Last Update:2015-07-20 Source: Internet

Author: User

Developer on Alibaba Coud: Build your first app with APIs, SDKs, and tutorials on the Alibaba Cloud. Read more ＞

Introduction

The previous section, Task execution mechanism and task source 1, introduces the registration process of executor.
In this section, I'll take a executor from the end of the Launchtask, and I'll take a executor of the task after receiving the message.

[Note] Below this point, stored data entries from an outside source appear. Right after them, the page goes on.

Lemma glue_transversal_lb : 2 * k.+1 <= #|` T|.
Proof.
have := glue_card_split; have := glue_pullback_new.
have [fT|/glue_meet_transversal ToK] := boolP [disjoint f & T]%fset.
  by have := glue_miss_card fT; have := glue_To_lb; lia.
have := x_transversal_lb XK ToK; have [|SN_le1] := leqP 2 #|` S `&` N|; first lia.
by have := x_apex_transversal_lb XK ToK fK af (glue_base_sub SN_le1); lia.
Qed.

Lemma glue_apex_transversal_lb F :
  F \in K' -> h ap \in F -> F `<=` T -> 2 * k.+1 < #|` T|.
Proof.
move=> FK' apF FT; have [SN3 apS] := glue_apex_pullback FK' apF FT.
have := glue_card_split.
have [fT|/glue_meet_transversal/(x_transversal_lb XK)] := boolP [disjoint f & T]%fset.
  by have := glue_miss_card fT; rewrite apS; have := glue_To_lb; lia.
lia.
Qed.

End Pullback.

Lemma glue_x_invariant : x_invariant d k.+1 K' (h ap).
Proof.
split; [exact: glue_card_Vtx | exact: glue_transversal | |].
- exact: glue_transversal_lb.
- by move=> T TK' F; apply: glue_apex_transversal_lb.
Qed.

End GlueGadget.

Lemma bit_decomp v : exists m (b : bool), v = 2 * m + b.
Proof. by exists v./2, (odd v); rewrite mulnC muln2 addnC odd_double_half. Qed.

Lemma antipE m (b : bool) : antip (2 * m + b) = 2 * m + ~~ b.
Proof. by rewrite /antip oddD oddM /=; case: b; rewrite /= ?addn0 ?addn1. Qed.

Lemma antipK : involutive antip.
Proof. by move=> v; have [m [b ->]] := bit_decomp v; rewrite !antipE negbK. Qed.

Lemma antip_inj : injective antip.
Proof. exact: inv_inj antipK. Qed.

Lemma antip_neq v : antip v != v.
Proof. by have [m [b ->]] := bit_decomp v; rewrite antipE; case: b => /=; lia. Qed.

Lemma antip_lt n v : v < 2 * n -> antip v < 2 * n.
Proof. by have [m [b ->]] := bit_decomp v; rewrite antipE; case: b => /=; lia. Qed.

Lemma mem_antip (A : {fset nat}) v : (v \in antip @` A) = (antip v \in A).
Proof. by rewrite -{1}[v]antipK (mem_imfset _ _ antip_inj). Qed.

Definition cross_facet d (g : {fset nat}) :=
  (forall v, v \in g -> v < 2 * d.+1) /\
  (forall v, v < 2 * d.+1 -> (v \in g) = (antip v \notin g)).

Definition cross_of d (s : {ffun 'I_d.+1 -> bool}) : {fset nat} :=
  [fset 2 * val i + s i | i : 'I_d.+1].

Lemma mem_cross_of d (s : {ffun 'I_d.+1 -> bool}) m (b : bool) (lt_md : m < d.+1) :
  (2 * m + b \in cross_of s) = (s (Ordinal lt_md) == b).
Proof.
apply/imfsetP/eqP => [[i _ /= e]|<-]; last by exists (Ordinal lt_md).
have [ei ->] : m = i /\ b = s i by move: e; case: b; case: (s i) => /=; lia.
by congr (s _); apply: val_inj.
Qed.

Lemma CrossP d g : g \in Cross d <-> cross_facet d g.
Proof.
have bit_lt m (b : bool) : 2 * m + b < 2 * d.+1 -> m < d.+1 by case: b => /=; lia.
split.
  case/imfsetP => s _ ->; split => [_ /imfsetP[i _ ->]|v].
    by have := ltn_ord i; case: (s i) => /=; lia.
  have [m [b ->]] := bit_decomp v => /bit_lt lt_md.
  by rewrite antipE !(mem_cross_of _ _ lt_md); case: (s _); case: b.
case=> g_lt g_antip; apply/imfsetP.
exists [ffun i : 'I_d.+1 => 2 * val i + 1 \in g] => //.
apply/fsetP => v; have [m [b ->]] := bit_decomp v; apply/idP/idP => [vg|].
  have lt_md := bit_lt _ _ (g_lt _ vg); rewrite (mem_cross_of _ _ lt_md) ffunE /=.
  case: b vg (g_antip _ (g_lt _ vg)) => /= vg; first by rewrite vg.
  by rewrite vg (antipE _ false) /= => /esym/negbTE->.
case/imfsetP => i _ ->; rewrite ffunE; case: (boolP (2 * i + 1 \in g)) => // odd_notin.
have lt_2i : 2 * i + false < 2 * d.+1 by have := ltn_ord i; lia.
by rewrite (g_antip _ lt_2i) antipE.
Qed.

Lemma cross_facet_antip d g : cross_facet d g -> cross_facet d (antip @` g).
Proof.
case=> g_lt g_antip; split => [v|v v_lt]; rewrite !mem_antip.
  by move/g_lt/antip_lt; rewrite antipK.
by rewrite (g_antip _ (antip_lt v_lt)) antipK.
Qed.

Lemma cross_facet_swap d g w :
  cross_facet d g -> w \in g -> cross_facet d (antip w |` (g `\ w)).
Proof.
case=> g_lt g_antip wg; split => [v|v v_lt].
  by rewrite in_fset1U in_fsetD1 => /orP[/eqP->|/andP[_ /g_lt//]]; apply/antip_lt/g_lt.
rewrite !in_fset1U !in_fsetD1.
have [->|vw] := eqVneq v w.
  by rewrite [w == _]eq_sym (negbTE (antip_neq w)) !eqxx.
have [->|vaw] := eqVneq v (antip w).
  by rewrite antipK !eqxx [w == _]eq_sym (negbTE (antip_neq w)).
rewrite /= (inj_eq antip_inj) (negbTE vw) /=.
have -> : antip v != w by apply: contra vaw => /eqP <-; rewrite antipK.
exact: g_antip.
Qed.

Section CrossPlus.
Variables (d : nat) (Kc : cplx) (f : {fset nat}) (i : nat) (h : nat -> nat).
Hypotheses (d_ge2 : 2 <= d) (iS : i \in simplexV d)
  (CS : ConnSum (Cross d) f (Simplex d) (simplexV d `\ i) h Kc).

Local Notation SV := (simplexV d).
Local Notation ap := (h i).
Local Notation base := (antip @` f).

(* The facets inherited from S^d; [top_facet i] is the glued facet [f]. *)
Definition top_facet j := h @` (SV `\ j).

Lemma cross_f : cross_facet d f.
Proof. by case: CS => [[/CrossP fC _] _ _ _ _]. Qed.

Lemma cross_base : cross_facet d base.
Proof. exact: cross_facet_antip cross_f. Qed.

Lemma plus_inj : {in SV &, injective h}.
Proof. by case: CS => _ inj _ _ _; rewrite Vtx_Simplex in inj. Qed.

Lemma plus_glue : top_facet i = f.
Proof. by case: CS. Qed.

Lemma card_top_facet j : j \in SV -> #|` top_facet j| = d.+1.
Proof.
move=> jS; rewrite -(card_simplexVD1 jS); apply/eqP/card_in_imfsetP => x y.
by move=> /fsetD1P[_ xS] /fsetD1P[_ yS]; apply: plus_inj.
Qed.

Lemma apex_notin_Cross g : g \in Cross d -> ap \notin g.
Proof.
move=> gC; case: CS => _ _ _ fresh _.
have : ap \notin Vtx (Cross d) by apply: fresh; rewrite ?Vtx_Simplex // in_fsetD1 eqxx.
by apply: contra; apply: mem_Vtx.
Qed.

Lemma f_notin_base v : v \in f -> v \notin base.
Proof.
by move=> vf; have [f_lt f_antip] := cross_f; rewrite mem_antip -f_antip ?f_lt.
Qed.

Lemma base_notin_f b : b \in base -> b \notin f.
Proof.
by rewrite mem_antip => bf; apply: contraL bf => /f_notin_base; rewrite mem_antip.
Qed.

Lemma card_f : #|` f| = d.+1.
Proof. by rewrite -plus_glue card_top_facet. Qed.

Lemma exists_other v : exists2 w, w \in f & w != v.
Proof.
have /fset0Pn[w /fsetD1P[wv wf]] : f `\ v != fset0.
  by rewrite -cardfs_eq0; have := cardfsD1 v f; rewrite card_f; case: (v \in f); lia.
by exists w.
Qed.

1. launchtasks Function of Executor

Driveractor submits the task, sends the launchtask instruction to Coarsegrainedexecutorbackend, receives the instruction, lets its internal executor to initiate the task, That is, the launchtask function of the idle executor is called.
Here is some code for receivewithlogging in Coarsegrainedexecutorbackend:

    case LaunchTask(data) =>      ifnull) {        logError("Received LaunchTask command but executor was null")        System.exit(1)      else {        val ser = env.closureSerializer.newInstance()        val taskDesc = ser.deserialize[TaskDescription](data.value)        logInfo("Got assigned task " + taskDesc.taskId)        executor.launchTask(this, taskId = taskDesc.taskId, attemptNumber = taskDesc.attemptNumber,          taskDesc.name, taskDesc.serializedTask)      }

Executor Execute Task:

  def launchTask(      context: ExecutorBackend,      taskId: Long,      attemptNumber: Int,      taskName: String,      serializedTask: ByteBuffer) {    valnew TaskRunner(context, taskId = taskId, attemptNumber = attemptNumber, taskName,      serializedTask)    runningTasks.put(taskId, tr)    threadPool.execute(tr)  }

Executor internal maintenance A thread pool, can run multiple tasks, each submitted task will be wrapped into taskrunner to threadpool execution.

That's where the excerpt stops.